Sunday 23 November 2025

Linda Catlin Smith: The Complete Piano Solos (1989-2023), Volume One: The Plains [Redshift]. The promised edition of Linda Catlin Smith’s piano music begins at the end with her most recent work for the solo instrument. The Plains is an hour-plus excursion in a single movement, composed at the request of the pianist heard here, Cheryl Duvall. (Duvall has previously appeared on Dark Flower, a set of Smith’s solo and ensemble pieces.) This is an unusual piece for Smith, marking a new and potentially disturbing direction in her work. She has composed long works before (an opera, the multi-movement violin and percussion duet Dirt Road) but in comparison The Plains are unadorned, even barren. It begins with a single note held for fifteen seconds, then a single chord is reiterated in a monotonous vamp. The vamp eventually opens up into more diverse forms, with changes in chords and rhythm until the idea is more implicit than heard. There are sectional changes throughout the work, but everything sounds at first as background, an accompaniment to a melodic line that always seems imminent but never appears. New developments are always muted, more apparent in retrospect, obscured by the music remaining steadily in the lower middle register. When something melodic finally appears, it’s as a slow figure in the bass. We’re about halfway through before any higher-pitched notes make their presence felt. I assume that Smith and Duvall each worked on this piece with the aim of making it as resolutely unobtrusive as possible and thus, like on a long journey through open landscape, impress with an unyielding image despite any surface variations along the way. Duvall gives attention to the smallest differences in dynamics and voicing to produce a wide landscape in low relief. That landscape is not so much forbidding as indifferent, much like the one evoked Kory Reeder’s string quartet Homestead, alien to European experience and where the pleasures to be taken from it are not immediately obvious to a newcomer. Three more albums of Smith’s piano music are in preparation, and Duvall has been commissioning hour-long pieces from other Canadian composers. Point of order: those are hills on the cover.

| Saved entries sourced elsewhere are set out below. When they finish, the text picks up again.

Lemma circle_angle (a b : R) : a * a + b * b = 1 ->
  exists th, 0 <= th <= 2 * PI /\ cos th = a /\ sin th = b.
Proof.
  intros H. assert (Ha : -1 <= a <= 1) by nra.
  pose proof (acos_bound a). pose proof PI_RGT_0.
  assert (Hs : sqrt (1 - a²) = Rabs b) by (rewrite <- sqrt_Rsqr_abs; f_equal; unfold Rsqr; lra).
  destruct (Rle_dec 0 b).
  - exists (acos a). split; [lra|]. rewrite cos_acos, sin_acos by auto.
    rewrite Hs, Rabs_pos_eq; auto.
  - exists (2 * PI - acos a). split; [lra|].
    rewrite cos_minus, sin_minus, cos_2PI, sin_2PI, cos_acos, sin_acos by auto.
    rewrite Hs, Rabs_left by lra. split; ring.
Qed.

Section ComplexRotations.
Variables (L : K ComplexK -> Prop) (w : R).
Hypotheses (HL : exists lam, L lam) (Hw : is_lub (abs_set L) w).

Definition eiC (th : R) : K ComplexK := mkC (cos th) (sin th).

Lemma eiC_circle (th : R) : in_circle (eiC th).
Proof.
  unfold in_circle; simpl. unfold Cabs; simpl. rewrite <- sqrt_1. f_equal.
  pose proof (sin2_cos2 th). unfold Rsqr in H. lra.
Qed.

Definition rot_sup (th : R) : R := epsilon (inhabits 0) (is_lub (rot_re L (eiC th))).

Lemma rot_sup_spec (th : R) : is_lub (rot_re L (eiC th)) (rot_sup th).
Proof.
  unfold rot_sup. apply epsilon_spec.
  destruct (rot_re_lub L w HL Hw (eiC th) (eiC_circle th)) as [l [Hl _]].
  exists l; exact Hl.
Qed.

Lemma rot_sup_continuous (x0 : R) : continuity_pt rot_sup x0.
Proof.
  destruct HL as [lam0 Hlam0].
  apply (continuous_of_trig_bound rot_sup w x0).
  { pose proof (abs_le_radius L w Hw lam0 Hlam0). pose proof (K_abs_nonneg lam0). lra. }
  intros a b. apply (proj2 (rot_sup_spec a)). intros r [lam [Hlam ->]].
  assert (Hb : K_re (K_mul (eiC b) lam) <= rot_sup b)
    by (apply (proj1 (rot_sup_spec b)); exists lam; auto).
  pose proof (abs_le_radius L w Hw lam Hlam).
  destruct lam as [lr li]. simpl in *.
  pose proof (Cre_le_abs (mkC lr li)). pose proof (Cim_le_abs (mkC lr li)). simpl in *.
  assert ((cos a - cos b) * lr <= Rabs (cos a - cos b) * w).
  { eapply Rle_trans; [apply Rle_abs|]. rewrite Rabs_mult.
    apply Rmult_le_compat_l; [apply Rabs_pos|lra]. }
  assert (- ((sin a - sin b) * li) <= Rabs (sin a - sin b) * w).
  { eapply Rle_trans; [apply Rle_abs|]. rewrite Rabs_Ropp, Rabs_mult.
    apply Rmult_le_compat_l; [apply Rabs_pos|lra]. }
  lra.
Qed.
(* The infimal convolution [q v = inf_(a in C) p (v + a) - theta a] of [p]
   with [- theta] over the cone [C]; [theta <= p] on [C] makes it finite. *)
Lemma sublinear_inf_cone p C (theta : (T -> R) -> R) :
  sublinear p -> convex_cone C ->
  (forall a b, C a -> C b -> theta (a + b) = theta a + theta b) ->
  (forall t a, 0 < t -> C a -> theta (fun i => t * a i) = t * theta a) ->
  (forall a, C a -> theta a <= p a) ->
  exists2 q, sublinear q & forall v a, C a -> q v <= p (v + a) - theta a.
Proof.
move=> sp [C0 CD CZ] thD thZ thp; have p0 := sublinear0 sp.
case: sp => pD pZ.
have th0 : theta 0 = 0 by have := thD _ _ C0 C0; rewrite addr0 => h; lra.
pose E v := (fun a => p (v + a) - theta a) @` C.
have Ene v : E v !=set0 by exists (p (v + 0) - theta 0), 0.
have Elb v : lbound (E v) (- p (- v)).
  move=> _ [a Ca <-]; suff : theta a <= p (v + a) + p (- v) by lra.
  apply: le_trans (thp _ Ca) _; have := pD (v + a) (- v).
  by rewrite addrAC subrr add0r.
have Ehas v : has_lbound (E v) by exists (- p (- v)).
exists (fun v => inf (E v)); last by move=> v a Ca; apply: ge_inf => //; exists a.
split=> [v w|t v t0].
  rewrite -lerBlDr; apply: lb_le_inf => // _ [a Ca <-].
  rewrite lerBlDr [X in _ <= X]addrC -lerBlDr; apply: lb_le_inf => // _ [b Cb <-].
  rewrite lerBlDr; apply: le_trans (ge_inf (Ehas _) _) _.
    by exists (a + b); first exact: CD.
  by rewrite /= thD //; have := pD (v + a) (w + b); rewrite addrACA; lra.
apply/eqP; rewrite eq_le; apply/andP; split.
  rewrite -ler_pdivrMl //; apply: lb_le_inf => // _ [a Ca <-].
  rewrite ler_pdivrMl //; apply: le_trans (ge_inf (Ehas _) _) _.
    by exists (fun i => t * a i); first exact: CZ.
  rewrite /= thZ // mulrBr -pZ //.
  by have -> // : (fun i => t * v i) + (fun i => t * a i) = (fun i => t * (v + a) i)
    by apply/funext => i /=; rewrite mulrDr.
apply: lb_le_inf => // _ [a Ca <-].
have Ca' : C (fun i => t^-1 * a i) by apply: CZ; rewrite ?invr_gt0.
rewrite -[a](_ : (fun i => t * (t^-1 * a i)) = a); last first.
  by apply/funext => i; rewrite mulrA mulfV ?mul1r // gt_eqF.
have -> : (fun i => t * v i) + (fun i => t * (t^-1 * a i)) =
    (fun i => t * (v + (fun i => t^-1 * a i)) i) by apply/funext => i /=; rewrite mulrDr.
rewrite pZ // thZ // -mulrBr ler_pM2l //.
by apply: ge_inf => //; exists (fun i => t^-1 * a i).
Qed.

Let e j : T -> R := fun i => (i == j)%:R.

(* The step of the Hahn-Banach induction that fixes the value [p (e j)] on [e j]. *)
Lemma sublinear_inf_line p j : sublinear p ->
  exists2 q, sublinear q & forall v r, q v <= p (v + (fun i => r * e j i)) - r * p (e j).
Proof.
move=> sp; have p0 := sublinear0 sp; have [pD pZ] := sp.
pose line := [set a | exists r, a = fun i => r * e j i].
have [q sq hq] : exists2 q, sublinear q &
    forall v a, line a -> q v <= p (v + a) - a j * p (e j).
  apply: sublinear_inf_cone => //.
  - split; first by exists 0; apply/funext => i; rewrite mul0r.
      by move=> _ _ [r ->] [r' ->]; exists (r + r'); apply/funext => i /=; rewrite mulrDl.
    by move=> t _ _ [r ->]; exists (t * r); apply/funext => i; rewrite mulrA.
  - by move=> a b _ _; rewrite mulrDl.
  - by move=> t a _ _; rewrite mulrA.
  move=> _ [r ->]; rewrite /e eqxx mulr1.
  have pe : 0 <= p (e j) + p (- e j) by rewrite -p0 -(subrr (e j)); apply: pD.
  case: (ltrgtP 0 r) => hr; first by rewrite pZ.
    have -> : (fun i => r * e j i) = (fun i => - r * (- e j) i).
      by apply/funext => i /=; rewrite mulrNN.
    by rewrite pZ ?oppr_gt0 //; nra.
  rewrite -hr mul0r; under eq_fun do rewrite mul0r.
  by rewrite -[X in _ <= p X]/(0 : T -> R) p0.
exists q => // v r; have := hq v _ (ex_intro _ r erefl).
by rewrite /= /e eqxx mulr1.
Qed.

Forrest Moody: at eventide [Murmurs]. Moody himself is the pianist for this seventy-minute solo composition. This is all I know of his stuff as a composer (he has played on some of Eden Lonsdale’s ensemble pieces). I don’t want to call at eventide an obsessive work, so let’s just say that Moody is very thorough here. The beginning of the score on the front cover gives you an idea: closely-positioned chords with an emphasis on overtones, secco. Any feeling of flow from one chord to the next is blocked by the dead stop between one chord and the next. Industrious use of the pedals control the release and choke of lingering tones, giving at times some uncanny filtering effects to the chords. The piano is close-miked, so the soft thudding of the dampers and pedals throughout the work add a tensioning counterpoint to the steady succession of string sounds. As with the Smith piece, it starts out with a narrow range of pitch; unlike Smith, Moody doggedly stays within this frequency band, rarely ventilating the close atmosphere with an occasional bass note or a slow run of single notes that ascend into the treble. As with many other long works, it settles into its own sense of time and thus creates a space in which it may be contemplated on its own terms, but with its determination to dwell upon the same spot for so long it can become enervating. Moody’s musical ideas do start to soften up in the latter half, once in a while at least, and so some development of character does arise of its own accord. Despite this, once those ideas have been illustrated, it does feel like he runs out of things to say: the piece benefits from being long, but nothing about it seems to insist that it must be this particular length. Except perhaps, for the sake of endurance, that we follow Moody with every step as he pursues this line of interrogation; not necessarily obsessive, just thorough.